## Problem requirements
Repeat the records below word for word, but start at the line that contains "(* Associators and unitors, suppressed in the", stop after the last line, and include nothing else.
Start of Record set
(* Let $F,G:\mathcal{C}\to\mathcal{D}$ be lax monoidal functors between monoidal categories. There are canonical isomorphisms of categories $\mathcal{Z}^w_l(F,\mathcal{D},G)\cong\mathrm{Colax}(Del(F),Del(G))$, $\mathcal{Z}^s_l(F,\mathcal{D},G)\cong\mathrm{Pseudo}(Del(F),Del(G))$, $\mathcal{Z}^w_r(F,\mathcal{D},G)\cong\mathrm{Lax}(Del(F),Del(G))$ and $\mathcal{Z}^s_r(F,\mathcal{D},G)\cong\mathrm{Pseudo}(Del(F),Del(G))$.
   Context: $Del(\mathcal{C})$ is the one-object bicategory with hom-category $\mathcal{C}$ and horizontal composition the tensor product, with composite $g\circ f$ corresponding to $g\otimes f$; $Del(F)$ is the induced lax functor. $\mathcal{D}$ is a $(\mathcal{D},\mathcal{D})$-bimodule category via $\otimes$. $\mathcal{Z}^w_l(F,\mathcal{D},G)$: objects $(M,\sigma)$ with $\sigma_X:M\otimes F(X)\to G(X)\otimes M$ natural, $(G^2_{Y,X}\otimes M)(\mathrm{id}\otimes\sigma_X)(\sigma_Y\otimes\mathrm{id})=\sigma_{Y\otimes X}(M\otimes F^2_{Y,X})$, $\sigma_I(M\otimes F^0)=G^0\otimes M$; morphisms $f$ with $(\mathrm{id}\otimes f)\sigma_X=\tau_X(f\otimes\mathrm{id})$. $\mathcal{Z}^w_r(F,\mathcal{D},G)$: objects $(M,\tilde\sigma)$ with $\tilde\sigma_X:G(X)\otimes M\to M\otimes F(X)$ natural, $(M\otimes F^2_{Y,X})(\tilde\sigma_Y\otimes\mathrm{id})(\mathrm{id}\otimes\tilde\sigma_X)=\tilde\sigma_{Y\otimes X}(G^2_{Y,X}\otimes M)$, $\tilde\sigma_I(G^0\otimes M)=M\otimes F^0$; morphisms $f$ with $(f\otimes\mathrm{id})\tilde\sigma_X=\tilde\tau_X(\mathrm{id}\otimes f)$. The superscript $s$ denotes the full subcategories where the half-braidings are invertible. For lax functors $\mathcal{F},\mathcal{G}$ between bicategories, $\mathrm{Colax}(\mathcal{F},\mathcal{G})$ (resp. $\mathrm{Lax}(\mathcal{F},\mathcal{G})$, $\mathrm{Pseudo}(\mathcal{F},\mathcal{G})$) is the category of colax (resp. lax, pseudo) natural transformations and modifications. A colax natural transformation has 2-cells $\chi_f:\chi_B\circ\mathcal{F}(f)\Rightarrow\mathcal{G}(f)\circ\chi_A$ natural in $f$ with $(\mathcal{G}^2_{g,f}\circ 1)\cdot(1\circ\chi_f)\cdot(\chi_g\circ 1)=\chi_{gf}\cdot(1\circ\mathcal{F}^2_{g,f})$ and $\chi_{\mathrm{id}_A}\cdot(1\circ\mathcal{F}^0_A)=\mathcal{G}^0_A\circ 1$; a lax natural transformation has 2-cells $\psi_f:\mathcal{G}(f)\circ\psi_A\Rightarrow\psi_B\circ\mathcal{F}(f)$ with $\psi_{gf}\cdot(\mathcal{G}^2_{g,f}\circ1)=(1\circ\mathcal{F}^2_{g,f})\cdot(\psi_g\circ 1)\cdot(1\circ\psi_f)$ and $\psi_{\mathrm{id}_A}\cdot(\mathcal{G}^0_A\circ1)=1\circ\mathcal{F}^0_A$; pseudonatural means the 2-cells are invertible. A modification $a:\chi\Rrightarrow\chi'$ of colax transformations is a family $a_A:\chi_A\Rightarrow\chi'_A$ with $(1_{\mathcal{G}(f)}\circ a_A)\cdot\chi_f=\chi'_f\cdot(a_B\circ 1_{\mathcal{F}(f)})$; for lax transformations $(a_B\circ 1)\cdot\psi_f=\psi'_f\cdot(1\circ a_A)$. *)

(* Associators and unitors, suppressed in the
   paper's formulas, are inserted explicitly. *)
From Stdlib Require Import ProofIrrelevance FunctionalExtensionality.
End of Record set
## Task answer
(* Associators and unitors, suppressed in the
   paper's formulas, are inserted explicitly. *)
From Stdlib Require Import ProofIrrelevance FunctionalExtensionality.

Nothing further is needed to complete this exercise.